Genome-wide association studies (GWAS) conducted over the past decade have identified many regions of the genome harboring common susceptibility variants for complex traits.1 For many traits, the overall proportion of the genetic variance explained by GWAS to date remains modest.2 A few exceptions exist including blood levels of lipids where large meta-analyses have successfully identified >150 loci for total cholesterol (TC), low-density lipoprotein (LDL), high-density lipoprotein (HDL), and triglycerides.3,4 Remarkably, these discoveries seem to explain more than one quarter of the genetic variance of each trait.3,4
A majority of these GWAS loci are novel and have not been previously linked to lipid biology.3,4 For many, the lead single-nucleotide polymorphism (SNP) falls in noncoding regions of the genome and the association interval stretches over several kilobases often overlapping several candidate genes.3,4 This situation makes it extremely challenging to determine the causal gene. Several population genetic approaches can be used to help identify the causal gene. First, one can examine the same risk interval in multiple racial groups with the hope that differences in linkage disequilibrium among groups will narrow the interval significantly.5 However, this approach may not be practical if very large samples of other racial groups either do not exist or have not been genotyped. Furthermore, this approach may not be feasible if adequate haplotype diversity is lacking across racial groups in the region of interest.5 A second more straightforward method involves the careful survey of all exonic SNPs that are highly correlated with the index GWAS SNP. Most of these SNPs will by necessity be common and already known, allowing them to be reliably imputed if they have not already been genotyped directly. However, a small fraction of such SNPs may have escaped detection to date particularly if they are population-specific. Lastly, systematic assessment of coding variation in the region through targeted sequencing or genotyping of less common and rare variants in a population sample may point to the causal gene through the identification of ≥1 novel coding variants that are strongly associated with the phenotype.6 Such SNPs are much more likely to have a lower frequency and to be statistically independent of the index GWAS SNP allowing the causal gene to emerge.
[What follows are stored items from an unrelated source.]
Lemma l0norm_scal m k v : k <> 0 -> l0norm m (fun j => k * v j) = l0norm m v.
Proof.
  intros Hk; induction m as [|m IH]; simpl; [reflexivity|]; rewrite IH.
  destruct (Req_EM_T (k * v m) 0) as [E|E], (Req_EM_T (v m) 0) as [E'|E']; auto.
  - destruct (Rmult_integral _ _ E); contradiction.
  - rewrite E', Rmult_0_r in E; contradiction.
Qed.

Definition nonzero_ind (x : R) : R := if Req_EM_T x 0 then 0 else 1.

Lemma l0norm_INR m v : INR (l0norm m v) = rsum m (fun j => nonzero_ind (v j)).
Proof.
  induction m as [|m IH]; simpl; [reflexivity|].
  rewrite plus_INR, IH; unfold nonzero_ind; destruct Req_EM_T; simpl; lra.
Qed.

Lemma l0norm_support p s v :
  (s <= p)%nat -> (forall j, (j < p)%nat -> (v j <> 0 <-> (j < s)%nat)) ->
  l0norm p v = s.
Proof.
  intros Hsp Hsupp.
  enough (Hmin : forall m, (m <= p)%nat -> l0norm m v = Nat.min s m)
    by (rewrite Hmin; lia).
  induction m as [|m IH]; intros Hm; simpl; [lia|].
  rewrite IH by lia; destruct (Req_EM_T (v m) 0) as [E|E].
  - assert (~ (m < s)%nat) by (rewrite <- (Hsupp m) by lia; tauto); lia.
  - assert (m < s)%nat by (apply Hsupp; [lia|exact E]); lia.
Qed.

Definition slope (f : R -> R) (x y : R) : R := (f y - f x) / (y - x).

Section ConcavePenalty.

Variable pen : R -> R.
Hypothesis pen_concave : forall x y t, 0 <= x -> 0 <= y -> 0 <= t <= 1 ->
  t * pen x + (1 - t) * pen y <= pen (t * x + (1 - t) * y).

Lemma concave_chord x y z : 0 <= x -> x < y -> y < z ->
  (z - y) * pen x + (y - x) * pen z <= (z - x) * pen y.
Proof.
  intros Hx Hxy Hyz. set (t := (z - y) / (z - x)).
  assert (Ht : 0 <= t <= 1).
  { unfold t; split.
    - apply Rmult_le_pos; [|apply Rlt_le, Rinv_0_lt_compat]; lra.
    - apply Rmult_le_reg_r with (z - x); [lra|].
      unfold Rdiv; rewrite Rmult_assoc, Rinv_l; lra. }
  assert (Hy : t * x + (1 - t) * z = y) by (unfold t; field; lra).
  pose proof (pen_concave x z t Hx ltac:(lra) Ht) as Hc; rewrite Hy in Hc.
  replace (z - y) with (t * (z - x)) by (unfold t; field; lra).
  replace (y - x) with ((1 - t) * (z - x)) by (unfold t; field; lra).
  nra.
Qed.

Lemma slope_antitone_l x y z : 0 <= x -> x <= y -> y < z ->
  slope pen y z <= slope pen x z.
Proof.
  intros Hx Hxy Hyz; destruct (Req_dec x y) as [<-|Hne]; [lra|].
  pose proof (concave_chord x y z Hx ltac:(lra) Hyz).
  unfold slope; apply Rmult_le_reg_r with ((z - y) * (z - x)); [nra|].
  field_simplify; lra.
Qed.

Lemma slope_antitone_r x y z : 0 <= x -> x < y -> y <= z ->
  slope pen x z <= slope pen x y.
Proof.
  intros Hx Hxy Hyz; destruct (Req_dec y z) as [<-|Hne]; [lra|].
  pose proof (concave_chord x y z Hx Hxy ltac:(lra)).
  unfold slope; apply Rmult_le_reg_r with ((z - x) * (y - x)); [nra|].
  field_simplify; lra.
Qed.

Lemma concave_slope_le_deriv c d a b : 0 < c -> derivable_pt_lim pen c d ->
  c <= a -> a < b -> slope pen a b <= d.
Proof.
  intros Hc Hd Hca Hab; apply Rnot_lt_le; intros Hlt.
  destruct (Hd (slope pen a b - d) ltac:(lra)) as [del Hdel].
  pose proof (cond_pos del) as Hdel0.
  set (h := Rmin (del / 2) ((b - c) / 2)).
  assert (Hh : 0 < h) by (apply Rmin_pos; lra).
  assert (h <= del / 2) by apply Rmin_l.
  assert (h <= (b - c) / 2) by apply Rmin_r.
  specialize (Hdel h ltac:(lra) ltac:(rewrite Rabs_right; lra)).
  apply Rabs_def2 in Hdel.
  pose proof (slope_antitone_l c a b ltac:(lra) Hca Hab).
  pose proof (slope_antitone_r c (c + h) b ltac:(lra) ltac:(lra) ltac:(lra)) as Hr.
  unfold slope in *; replace (c + h - c) with h in Hr by ring.
  lra.
Qed.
Holmen et al7 recently leveraged the last 2 approaches to gain insight into the mechanism of association at several loci related to blood lipids. In this work, investigators applied Illumina’s HumanExome BeadChip array on 5771 white participants of the Norwegian Nord-Trondelag Health (HUNT) study to examine exonic variation in subjects with and without a history of myocardial infarction.8 The chip allowed for the cost-effective examination of >80 000 exonic variants identified in previous large-scale exome sequencing projects with >80% of these having a minor allele frequency <5%.7 The investigators used low-pass whole-genome sequencing in a small subset of samples to estimate that ≈70.9%, 77.4%, and 78.0% of rare, low-frequency, and common coding variants had been captured by the HumanExome BeadChip array.7 The sequencing also confirmed the overall high quality of the genotype calls for the SNPs on the array irrespective of allele frequency.
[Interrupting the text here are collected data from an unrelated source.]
(* Let $\mathcal{X}$ be a Hilbert module over a pro-$C^*$-algebra $\mathcal{A}$, let $K\in Hom^*_{\mathcal{A}}(\mathcal{X})$, let $\{\xi_i\}_{i\in I}$ be a $K$-frame for $\mathcal{X}$, and let $T\in Hom^*_{\mathcal{A}}(\mathcal{X})$ be uniformly bounded and a co-isometry (i.e. $TT^*=I$) with $TK=KT$. Then $\{T\xi_i\}_{i\in I}$ is a $K$-frame for $\mathcal{X}$.
   Context: A pro-$C^*$-algebra $\mathcal{A}$ is a complete Hausdorff topological $*$-algebra whose topology is given by its continuous $C^*$-seminorms $S(\mathcal{A})$. A Hilbert $\mathcal{A}$-module $\mathcal{X}$ is a left $\mathcal{A}$-module with an $\mathcal{A}$-valued inner product, complete for $\bar p_{\mathcal{X}}(\xi)=\sqrt{p(\langle\xi,\xi\rangle)}$. $Hom^*_{\mathcal{A}}(\mathcal{X})$ denotes adjointable bounded $\mathcal{A}$-module maps; $T$ is uniformly bounded if there is a single $C>0$ with $\bar p_{\mathcal{X}}(T\xi)\le C\bar p_{\mathcal{X}}(\xi)$ for all $p,\xi$. A sequence $\{\xi_i\}_{i\in I}$ ($I$ countable) is a $K$-frame for $\mathcal{X}$ if $\sum_i\langle\xi,\xi_i\rangle\langle\xi_i,\xi\rangle$ converges in $\mathcal{A}$ and there are $A,B>0$ with $A\langle K^*\xi,K^*\xi\rangle\le\sum_i\langle\xi,\xi_i\rangle\langle\xi_i,\xi\rangle\le B\langle\xi,\xi\rangle$ for all $\xi\in\mathcal{X}$. *)

From HB Require Import structures.
From mathcomp Require Import all_boot all_order all_algebra.
From mathcomp Require Import boolp classical_sets filter reals.
From mathcomp Require Import finmap.
From mathcomp Require Import complex.

Set Implicit Arguments.
Unset Strict Implicit.
Unset Printing Implicit Defensive.

Import Order.TTheory GRing.Theory Num.Theory.
Local Open Scope ring_scope.

Section ProCStar.
Variable R : realType.
Local Notation C := R[i].

Record star_alg (A : lmodType C) := StarAlg {
  amul : A -> A -> A;
  astar : A -> A;
  amulA : forall a b c, amul a (amul b c) = amul (amul a b) c;
  amulDl : forall a b c, amul (a + b) c = amul a c + amul b c;
  amulDr : forall a b c, amul a (b + c) = amul a b + amul a c;
  amulZl : forall (z : C) a b, amul (z *: a) b = z *: amul a b;
  amulZr : forall (z : C) a b, amul a (z *: b) = z *: amul a b;
  astarK : forall a, astar (astar a) = a;
  astarD : forall a b, astar (a + b) = astar a + astar b;
  astarZ : forall (z : C) a, astar (z *: a) = (conjc z) *: astar a;
  astarM : forall a b, astar (amul a b) = amul (astar b) (astar a)
}.

Definition cstar_seminorm (A : lmodType C) (SA : star_alg A) (p : A -> R) :=
  [/\ forall a, 0 <= p a,
      forall a b, p (a + b) <= p a + p b,
      forall (z : C) a, p (z *: a) = Normc.normc z * p a,
      forall a b, p (amul SA a b) <= p a * p b
    & forall a, p (amul SA (astar SA a) a) = p a ^+ 2].

(* A seminorm q is continuous for the locally convex topology generated by
   the family S iff it is dominated by a multiple of a finite sum of
   members of S. *)
Definition continuous_wrt (A : lmodType C) (S : set (A -> R)) (q : A -> R) :=
  exists (ps : seq (A -> R)) (c : R),
    (forall p, p \in ps -> S p) /\
    (forall a, q a <= c * \sum_(p <- ps) p a).

Definition seminorm_complete (X : lmodType C) (N : set (X -> R)) :=
  forall F : set_system X, ProperFilter F ->
    (forall n, N n -> forall e : R, 0 < e ->
        exists2 U, F U & forall x y, U x -> U y -> n (x - y) < e) ->
    exists l : X, forall n, N n -> forall e : R, 0 < e ->
        F (fun x => n (x - l) < e).

(* A pro-C*-algebra: a complete Hausdorff topological *-algebra whose
   topology is given by the family [sn] of its continuous C*-seminorms. *)
Record pro_cstar (A : lmodType C) := ProCStar {
  pc_alg :> star_alg A;
  sn : set (A -> R);
  sn_cstar : forall p, sn p -> cstar_seminorm pc_alg p;
  sn_all : forall q, cstar_seminorm pc_alg q -> continuous_wrt sn q -> sn q;
  sn_hausdorff : forall a, (forall p, sn p -> p a = 0) -> a = 0;
  sn_complete : seminorm_complete sn
}.

Section Order.
Variables (A : lmodType C) (PA : pro_cstar A).

Definition apos (a : A) := exists b : A, a = amul PA (astar PA b) b.
Definition ale (a b : A) := apos (b - a).

Definition has_sum (I : countType) (f : I -> A) (s : A) :=
  forall p, sn PA p -> forall e : R, 0 < e ->
    exists F0 : {fset I}, forall F : {fset I}, fsubset F0 F ->
      p (\sum_(i <- F) f i - s) < e.

End Order.

Record hilbert_module (A : lmodType C) (PA : pro_cstar A) (X : lmodType C) :=
  HilbMod {
  act : A -> X -> X;
  ip : X -> X -> A;
  actA : forall a b x, act (amul PA a b) x = act a (act b x);
  actDl : forall a b x, act (a + b) x = act a x + act b x;
  actDr : forall a x y, act a (x + y) = act a x + act a y;
  actZl : forall (z : C) a x, act (z *: a) x = z *: act a x;
  actZr : forall (z : C) a x, act a (z *: x) = z *: act a x;
  ipDl : forall x y w, ip (x + y) w = ip x w + ip y w;
  ipZl : forall (z : C) x y, ip (z *: x) y = z *: ip x y;
  ipAl : forall a x y, ip (act a x) y = amul PA a (ip x y);
  ip_star : forall x y, astar PA (ip x y) = ip y x;
  ip_pos : forall x, apos PA (ip x x);
  ip_def : forall x, ip x x = 0 -> x = 0;
  hm_complete :
    seminorm_complete [set n | exists2 p, sn PA p & n = fun x => Num.sqrt (p (ip x x))]
}.

Section Operators.
Variables (A : lmodType C) (PA : pro_cstar A) (X : lmodType C)
          (HX : hilbert_module PA X).

Definition nX (p : A -> R) (x : X) : R := Num.sqrt (p (ip HX x x)).

Definition adjoint (T Ts : X -> X) := forall x y, ip HX (T x) y = ip HX x (Ts y).

Definition hom_star (T : X -> X) :=
  [/\ forall x y, T (x + y) = T x + T y,
      forall (z : C) x, T (z *: x) = z *: T x,
      forall a x, T (act HX a x) = act HX a (T x),
      (forall p, sn PA p -> exists2 c : R, 0 <= c & forall x, nX p (T x) <= c * nX p x)
    & exists Ts, adjoint T Ts].

Definition unif_bounded (T : X -> X) :=
  exists2 c : R, 0 < c & forall p, sn PA p -> forall x, nX p (T x) <= c * nX p x.

(* K-frame, where Ks is the adjoint K^* of K *)
Definition K_frame (I : countType) (Ks : X -> X) (xi : I -> X) :=
  (forall x, exists s, has_sum PA (fun i => amul PA (ip HX x (xi i)) (ip HX (xi i) x)) s) /\
  exists (a b : R), [/\ 0 < a, 0 < b &
    forall x s, has_sum PA (fun i => amul PA (ip HX x (xi i)) (ip HX (xi i) x)) s ->
      ale PA ((a%:C)%C *: ip HX (Ks x) (Ks x)) s /\ ale PA s ((b%:C)%C *: ip HX x x)].

End Operators.
End ProCStar.

From HB Require Import structures.
From mathcomp Require Import all_boot all_order all_algebra.
From mathcomp Require Import boolp classical_sets filter reals.
From mathcomp Require Import finmap.
From mathcomp Require Import complex.

Set Implicit Arguments.
Unset Strict Implicit.
Unset Printing Implicit Defensive.

Import GRing.Theory Num.Theory.
Local Open Scope ring_scope.

(* Since T T^* = I, the adjoint T^* is an isometry for the inner product and
   <x, T xi_i> = <T^* x, xi_i>; so the frame series of {T xi_i} at x is the
   frame series of {xi_i} at T^* x.  As T^* commutes with K^*, the frame
   inequalities at T^* x are exactly the required ones at x. *)

Section FrameImage.
Variables (R : realType) (A : lmodType R[i]) (PA : pro_cstar A).
Variables (X : lmodType R[i]) (HX : hilbert_module PA X).

Local Notation ip := (ip HX).

Lemma ipNl (x y : X) : ip (- x) y = - ip x y.
Proof. by rewrite -scaleN1r ipZl scaleN1r. Qed.

Lemma ip_injl (x y : X) : (forall u, ip x u = ip y u) -> x = y.
Proof.
move=> exy; apply/eqP; rewrite -subr_eq0; apply/eqP.
by apply: (ip_def (h := HX)); rewrite ipDl ipNl exy subrr.
Qed.

Lemma adjointr (T Ts : X -> X) : adjoint HX T Ts ->
  forall x y, ip x (T y) = ip (Ts x) y.
Proof. by move=> hTs x y; rewrite -ip_star hTs ip_star. Qed.

Lemma adjoint_ip_coisometry (T Ts : X -> X) :
  adjoint HX T Ts -> (forall x, T (Ts x) = x) ->
  forall x, ip (Ts x) (Ts x) = ip x x.
Proof. by move=> hTs hco x; rewrite -hTs hco. Qed.

Lemma adjoint_comm (K Ks T Ts : X -> X) :
  adjoint HX K Ks -> adjoint HX T Ts -> (forall x, T (K x) = K (T x)) ->
  forall x, Ks (Ts x) = Ts (Ks x).
Proof.
move=> hKs hTs hTK x; apply: ip_injl => u.
rewrite -ip_star -[RHS]ip_star; congr (astar _ _).
by rewrite -hKs -hTs hTK hKs -hTs.
Qed.

Lemma K_frame_adjoint_isometry (I : countType) (Ks T Ts : X -> X) (xi : I -> X) :
  adjoint HX T Ts -> (forall x, ip (Ts x) (Ts x) = ip x x) ->
  (forall x, Ks (Ts x) = Ts (Ks x)) ->
  K_frame HX Ks xi -> K_frame HX Ks (fun i => T (xi i)).
Proof.
move=> hTs isoTs hKsTs [hsum [a [b [a0 b0 hab]]]].
have series_image x : (fun i => amul PA (ip x (T (xi i))) (ip (T (xi i)) x))
    = (fun i => amul PA (ip (Ts x) (xi i)) (ip (xi i) (Ts x))).
  by apply: funext => i; rewrite (adjointr hTs) hTs.
split=> [x|]; first by rewrite series_image; apply: hsum.
exists a, b; split=> // x s; rewrite series_image => /hab[lo hi].
by rewrite hKsTs !isoTs in lo; rewrite isoTs in hi.
Qed.

End FrameImage.

Theorem theorem4p13 (R : realType) (A : lmodType R[i]) (PA : pro_cstar A)
    (X : lmodType R[i]) (HX : hilbert_module PA X)
    (K Ks : X -> X) (hK : hom_star HX K) (hKs : adjoint HX K Ks)
    (I : countType) (xi : I -> X) (hxi : K_frame HX Ks xi)
    (T Ts : X -> X) (hT : hom_star HX T) (hTs : adjoint HX T Ts)
    (hTu : unif_bounded HX T) (hco : forall x, T (Ts x) = x)
    (hTK : forall x, T (K x) = K (T x)) :
  K_frame HX Ks (fun i => T (xi i)).
Proof.
apply: (K_frame_adjoint_isometry hTs) hxi.
- exact: adjoint_ip_coisometry hTs hco.
- exact: adjoint_comm hKs hTs hTK.
Qed.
A large fraction (127 of 157) of lead GWAS SNPs for blood lipids was also included on the array.7 These SNPs yielded genome-wide significant associations with their respective lipid measures at 7 loci and nominal associations at 45 loci (both fractions much higher than expected by chance). Robust correlations were also observed for the direction and size of effects of these SNPs with those observed in larger GWAS studies. A subset of 51 453 missense and loss-of-function variants with ≥6 copies of the minor allele observed in the sample set were then carefully examined for association with lipid phenotypes, and 18 of these variants with P<2×10−5 and minor allele frequency <10% were taken forward for replication in 4666 additional Norwegian participants of the population-based Tromsø study. After a joint analysis of both sample sets, a total of 16 variants in 11 genes reached genome-wide significance. Most of these mapped to known lipid loci where there is no ambiguity of the causal gene. However, 2 mapped to genes (RNF111 and TM6SF2) that have not been previously clearly implicated in blood lipid levels. Importantly, only 2 of these variants had a minor allele frequency <1%, and only 3 had a minor allele frequency <2%.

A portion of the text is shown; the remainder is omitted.